Directions: How many lines in the material below include the word "right"? Give only the number.

Exercise inputs:
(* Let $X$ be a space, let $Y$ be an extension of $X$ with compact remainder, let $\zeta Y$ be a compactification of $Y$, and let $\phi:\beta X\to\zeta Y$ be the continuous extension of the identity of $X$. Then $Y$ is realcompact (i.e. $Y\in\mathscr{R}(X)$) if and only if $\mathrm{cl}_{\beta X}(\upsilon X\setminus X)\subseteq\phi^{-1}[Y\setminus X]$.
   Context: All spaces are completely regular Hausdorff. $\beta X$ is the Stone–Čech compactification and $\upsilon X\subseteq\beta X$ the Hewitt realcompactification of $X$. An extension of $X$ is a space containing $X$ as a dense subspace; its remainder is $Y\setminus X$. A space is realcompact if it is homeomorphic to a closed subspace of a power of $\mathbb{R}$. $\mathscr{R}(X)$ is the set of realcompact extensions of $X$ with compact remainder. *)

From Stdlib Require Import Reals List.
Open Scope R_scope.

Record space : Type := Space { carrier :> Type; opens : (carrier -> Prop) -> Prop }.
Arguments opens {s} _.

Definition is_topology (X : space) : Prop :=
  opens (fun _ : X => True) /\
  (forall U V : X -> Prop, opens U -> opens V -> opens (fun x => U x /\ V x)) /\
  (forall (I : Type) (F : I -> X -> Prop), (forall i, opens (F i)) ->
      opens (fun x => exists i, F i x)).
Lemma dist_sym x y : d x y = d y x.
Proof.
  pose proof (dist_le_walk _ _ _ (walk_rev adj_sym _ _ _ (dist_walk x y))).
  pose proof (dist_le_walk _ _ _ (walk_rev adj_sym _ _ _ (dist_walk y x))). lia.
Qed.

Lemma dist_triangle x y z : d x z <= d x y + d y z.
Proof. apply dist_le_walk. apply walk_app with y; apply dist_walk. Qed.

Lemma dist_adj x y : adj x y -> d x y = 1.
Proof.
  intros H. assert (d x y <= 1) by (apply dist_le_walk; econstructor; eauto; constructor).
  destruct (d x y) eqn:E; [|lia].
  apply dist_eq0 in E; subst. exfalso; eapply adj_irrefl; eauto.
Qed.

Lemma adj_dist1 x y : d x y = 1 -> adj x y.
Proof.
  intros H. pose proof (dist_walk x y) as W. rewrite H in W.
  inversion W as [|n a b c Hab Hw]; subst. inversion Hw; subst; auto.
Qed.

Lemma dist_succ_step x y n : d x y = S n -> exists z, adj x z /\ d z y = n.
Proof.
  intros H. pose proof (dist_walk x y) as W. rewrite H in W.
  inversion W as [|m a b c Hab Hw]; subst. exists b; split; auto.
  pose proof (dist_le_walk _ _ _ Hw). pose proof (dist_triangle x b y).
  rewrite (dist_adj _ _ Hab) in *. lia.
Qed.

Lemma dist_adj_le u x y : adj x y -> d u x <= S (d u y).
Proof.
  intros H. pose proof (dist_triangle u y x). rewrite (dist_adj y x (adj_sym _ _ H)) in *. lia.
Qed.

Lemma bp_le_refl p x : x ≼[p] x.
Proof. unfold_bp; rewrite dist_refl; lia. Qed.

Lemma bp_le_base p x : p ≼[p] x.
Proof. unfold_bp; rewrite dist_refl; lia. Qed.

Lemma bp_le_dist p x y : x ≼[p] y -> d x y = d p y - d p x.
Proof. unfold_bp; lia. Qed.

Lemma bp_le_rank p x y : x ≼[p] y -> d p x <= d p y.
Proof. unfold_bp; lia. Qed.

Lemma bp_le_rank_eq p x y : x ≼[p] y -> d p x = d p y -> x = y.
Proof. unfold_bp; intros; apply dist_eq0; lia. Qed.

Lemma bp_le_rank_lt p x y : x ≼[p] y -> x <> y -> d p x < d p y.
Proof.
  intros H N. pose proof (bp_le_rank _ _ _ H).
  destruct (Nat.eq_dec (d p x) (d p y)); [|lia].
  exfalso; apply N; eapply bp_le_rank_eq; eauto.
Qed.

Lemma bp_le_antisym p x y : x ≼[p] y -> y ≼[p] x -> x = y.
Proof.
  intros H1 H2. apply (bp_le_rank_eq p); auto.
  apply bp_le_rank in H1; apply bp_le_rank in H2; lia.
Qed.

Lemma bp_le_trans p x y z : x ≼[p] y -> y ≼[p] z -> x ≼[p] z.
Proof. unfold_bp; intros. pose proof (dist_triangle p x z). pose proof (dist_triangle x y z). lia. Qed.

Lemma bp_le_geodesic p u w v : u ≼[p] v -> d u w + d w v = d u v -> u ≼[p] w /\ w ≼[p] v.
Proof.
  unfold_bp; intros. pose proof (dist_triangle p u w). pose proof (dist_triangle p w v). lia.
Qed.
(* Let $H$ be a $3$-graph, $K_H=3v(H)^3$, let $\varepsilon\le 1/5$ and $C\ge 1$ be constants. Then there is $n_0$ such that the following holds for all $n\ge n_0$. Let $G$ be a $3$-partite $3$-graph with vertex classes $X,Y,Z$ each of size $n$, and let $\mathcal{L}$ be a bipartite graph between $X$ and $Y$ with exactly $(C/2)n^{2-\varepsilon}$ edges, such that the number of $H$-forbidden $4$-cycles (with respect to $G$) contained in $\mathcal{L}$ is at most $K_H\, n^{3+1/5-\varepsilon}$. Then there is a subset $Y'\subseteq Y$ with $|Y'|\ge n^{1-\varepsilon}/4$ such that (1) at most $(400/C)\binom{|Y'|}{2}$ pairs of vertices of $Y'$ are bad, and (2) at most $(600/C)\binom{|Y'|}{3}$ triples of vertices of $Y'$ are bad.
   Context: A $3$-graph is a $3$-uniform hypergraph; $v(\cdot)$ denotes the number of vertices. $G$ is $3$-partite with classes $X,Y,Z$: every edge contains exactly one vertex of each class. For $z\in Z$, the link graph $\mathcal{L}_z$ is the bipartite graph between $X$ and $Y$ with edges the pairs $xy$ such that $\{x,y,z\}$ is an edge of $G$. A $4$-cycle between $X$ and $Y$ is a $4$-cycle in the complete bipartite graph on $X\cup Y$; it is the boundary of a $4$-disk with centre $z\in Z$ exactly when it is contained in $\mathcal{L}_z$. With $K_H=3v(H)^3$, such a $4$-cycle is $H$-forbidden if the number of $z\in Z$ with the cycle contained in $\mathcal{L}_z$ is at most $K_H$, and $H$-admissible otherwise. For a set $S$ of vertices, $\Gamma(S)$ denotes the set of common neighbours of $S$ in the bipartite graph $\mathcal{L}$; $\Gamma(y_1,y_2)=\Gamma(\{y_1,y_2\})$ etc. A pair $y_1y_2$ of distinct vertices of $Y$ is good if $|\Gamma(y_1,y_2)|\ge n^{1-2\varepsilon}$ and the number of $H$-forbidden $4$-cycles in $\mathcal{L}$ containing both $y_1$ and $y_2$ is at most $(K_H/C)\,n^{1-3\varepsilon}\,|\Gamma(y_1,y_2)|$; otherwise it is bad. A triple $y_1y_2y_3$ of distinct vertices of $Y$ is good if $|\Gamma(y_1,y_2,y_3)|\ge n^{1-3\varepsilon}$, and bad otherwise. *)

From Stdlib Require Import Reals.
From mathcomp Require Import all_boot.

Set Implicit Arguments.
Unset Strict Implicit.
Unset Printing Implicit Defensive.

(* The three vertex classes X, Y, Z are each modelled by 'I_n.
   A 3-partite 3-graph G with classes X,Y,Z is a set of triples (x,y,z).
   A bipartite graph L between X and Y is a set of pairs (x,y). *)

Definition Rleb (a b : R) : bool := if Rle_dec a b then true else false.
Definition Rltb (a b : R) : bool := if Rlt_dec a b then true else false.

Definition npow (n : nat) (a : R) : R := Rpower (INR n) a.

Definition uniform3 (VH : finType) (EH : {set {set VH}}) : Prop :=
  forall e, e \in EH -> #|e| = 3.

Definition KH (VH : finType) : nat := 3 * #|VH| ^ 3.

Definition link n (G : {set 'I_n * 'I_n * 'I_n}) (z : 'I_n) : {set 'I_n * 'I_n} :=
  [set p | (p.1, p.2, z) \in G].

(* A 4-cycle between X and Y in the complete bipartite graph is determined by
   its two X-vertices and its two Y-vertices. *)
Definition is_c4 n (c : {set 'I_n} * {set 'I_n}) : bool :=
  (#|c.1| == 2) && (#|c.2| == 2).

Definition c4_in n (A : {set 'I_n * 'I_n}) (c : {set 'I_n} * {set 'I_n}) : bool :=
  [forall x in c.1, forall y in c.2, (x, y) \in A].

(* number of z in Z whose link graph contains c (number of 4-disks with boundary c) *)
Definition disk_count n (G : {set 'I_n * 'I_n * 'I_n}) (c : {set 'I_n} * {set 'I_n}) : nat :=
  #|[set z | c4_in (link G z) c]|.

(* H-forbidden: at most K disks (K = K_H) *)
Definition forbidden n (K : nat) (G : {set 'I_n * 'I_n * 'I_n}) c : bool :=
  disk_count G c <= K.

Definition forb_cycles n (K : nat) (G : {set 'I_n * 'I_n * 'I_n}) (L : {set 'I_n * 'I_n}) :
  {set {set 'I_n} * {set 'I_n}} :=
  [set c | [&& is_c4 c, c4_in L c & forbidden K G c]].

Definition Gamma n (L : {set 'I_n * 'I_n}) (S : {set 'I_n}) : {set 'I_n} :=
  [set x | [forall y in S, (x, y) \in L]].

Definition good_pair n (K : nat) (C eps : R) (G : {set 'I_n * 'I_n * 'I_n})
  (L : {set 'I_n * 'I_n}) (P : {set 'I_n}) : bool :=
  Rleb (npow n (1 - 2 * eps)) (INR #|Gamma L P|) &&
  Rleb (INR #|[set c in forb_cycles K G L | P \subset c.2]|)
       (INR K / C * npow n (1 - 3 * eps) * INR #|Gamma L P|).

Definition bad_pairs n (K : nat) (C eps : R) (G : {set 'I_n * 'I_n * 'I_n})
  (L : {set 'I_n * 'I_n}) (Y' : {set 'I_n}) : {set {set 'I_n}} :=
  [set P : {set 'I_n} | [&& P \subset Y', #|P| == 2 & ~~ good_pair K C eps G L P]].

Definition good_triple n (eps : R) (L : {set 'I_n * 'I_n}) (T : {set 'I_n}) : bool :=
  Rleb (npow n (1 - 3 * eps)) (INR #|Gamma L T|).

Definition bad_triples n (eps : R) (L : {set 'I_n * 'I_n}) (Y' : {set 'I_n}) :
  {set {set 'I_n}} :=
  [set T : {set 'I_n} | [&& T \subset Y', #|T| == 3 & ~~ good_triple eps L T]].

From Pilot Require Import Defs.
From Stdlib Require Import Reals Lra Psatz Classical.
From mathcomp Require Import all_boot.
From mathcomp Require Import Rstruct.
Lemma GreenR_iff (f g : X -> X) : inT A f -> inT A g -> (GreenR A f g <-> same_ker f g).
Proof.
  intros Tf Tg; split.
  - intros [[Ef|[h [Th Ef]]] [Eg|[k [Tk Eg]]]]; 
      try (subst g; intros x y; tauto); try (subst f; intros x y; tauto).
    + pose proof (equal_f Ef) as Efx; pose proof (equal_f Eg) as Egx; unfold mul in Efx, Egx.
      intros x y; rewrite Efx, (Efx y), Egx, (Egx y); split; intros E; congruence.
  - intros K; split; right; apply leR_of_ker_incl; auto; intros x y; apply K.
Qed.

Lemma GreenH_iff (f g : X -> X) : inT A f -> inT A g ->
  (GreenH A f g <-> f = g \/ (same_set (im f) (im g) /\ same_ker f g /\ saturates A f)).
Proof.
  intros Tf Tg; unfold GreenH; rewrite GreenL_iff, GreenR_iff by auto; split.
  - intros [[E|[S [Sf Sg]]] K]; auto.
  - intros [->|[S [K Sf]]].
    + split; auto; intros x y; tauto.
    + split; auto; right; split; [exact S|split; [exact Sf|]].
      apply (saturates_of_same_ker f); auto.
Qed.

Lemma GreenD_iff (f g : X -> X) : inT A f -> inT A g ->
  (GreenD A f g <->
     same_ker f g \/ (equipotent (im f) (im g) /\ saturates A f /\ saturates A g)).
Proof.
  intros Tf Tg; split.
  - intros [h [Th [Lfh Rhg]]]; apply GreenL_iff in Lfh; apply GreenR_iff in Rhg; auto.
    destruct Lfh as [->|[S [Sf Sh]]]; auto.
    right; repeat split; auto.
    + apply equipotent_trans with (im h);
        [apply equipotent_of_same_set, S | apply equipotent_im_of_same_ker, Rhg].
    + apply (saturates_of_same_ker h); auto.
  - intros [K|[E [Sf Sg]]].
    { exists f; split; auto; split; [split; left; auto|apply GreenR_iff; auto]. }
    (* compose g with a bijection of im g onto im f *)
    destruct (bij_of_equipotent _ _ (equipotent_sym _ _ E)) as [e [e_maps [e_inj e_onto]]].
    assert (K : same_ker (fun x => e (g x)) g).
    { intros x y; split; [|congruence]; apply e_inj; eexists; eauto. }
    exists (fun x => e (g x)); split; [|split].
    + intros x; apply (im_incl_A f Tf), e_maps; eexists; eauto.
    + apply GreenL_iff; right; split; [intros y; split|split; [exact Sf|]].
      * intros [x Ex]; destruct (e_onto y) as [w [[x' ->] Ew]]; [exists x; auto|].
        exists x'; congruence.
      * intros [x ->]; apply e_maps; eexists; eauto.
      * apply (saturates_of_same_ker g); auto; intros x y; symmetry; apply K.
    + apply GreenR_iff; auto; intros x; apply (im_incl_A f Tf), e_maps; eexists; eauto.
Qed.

Result below: 4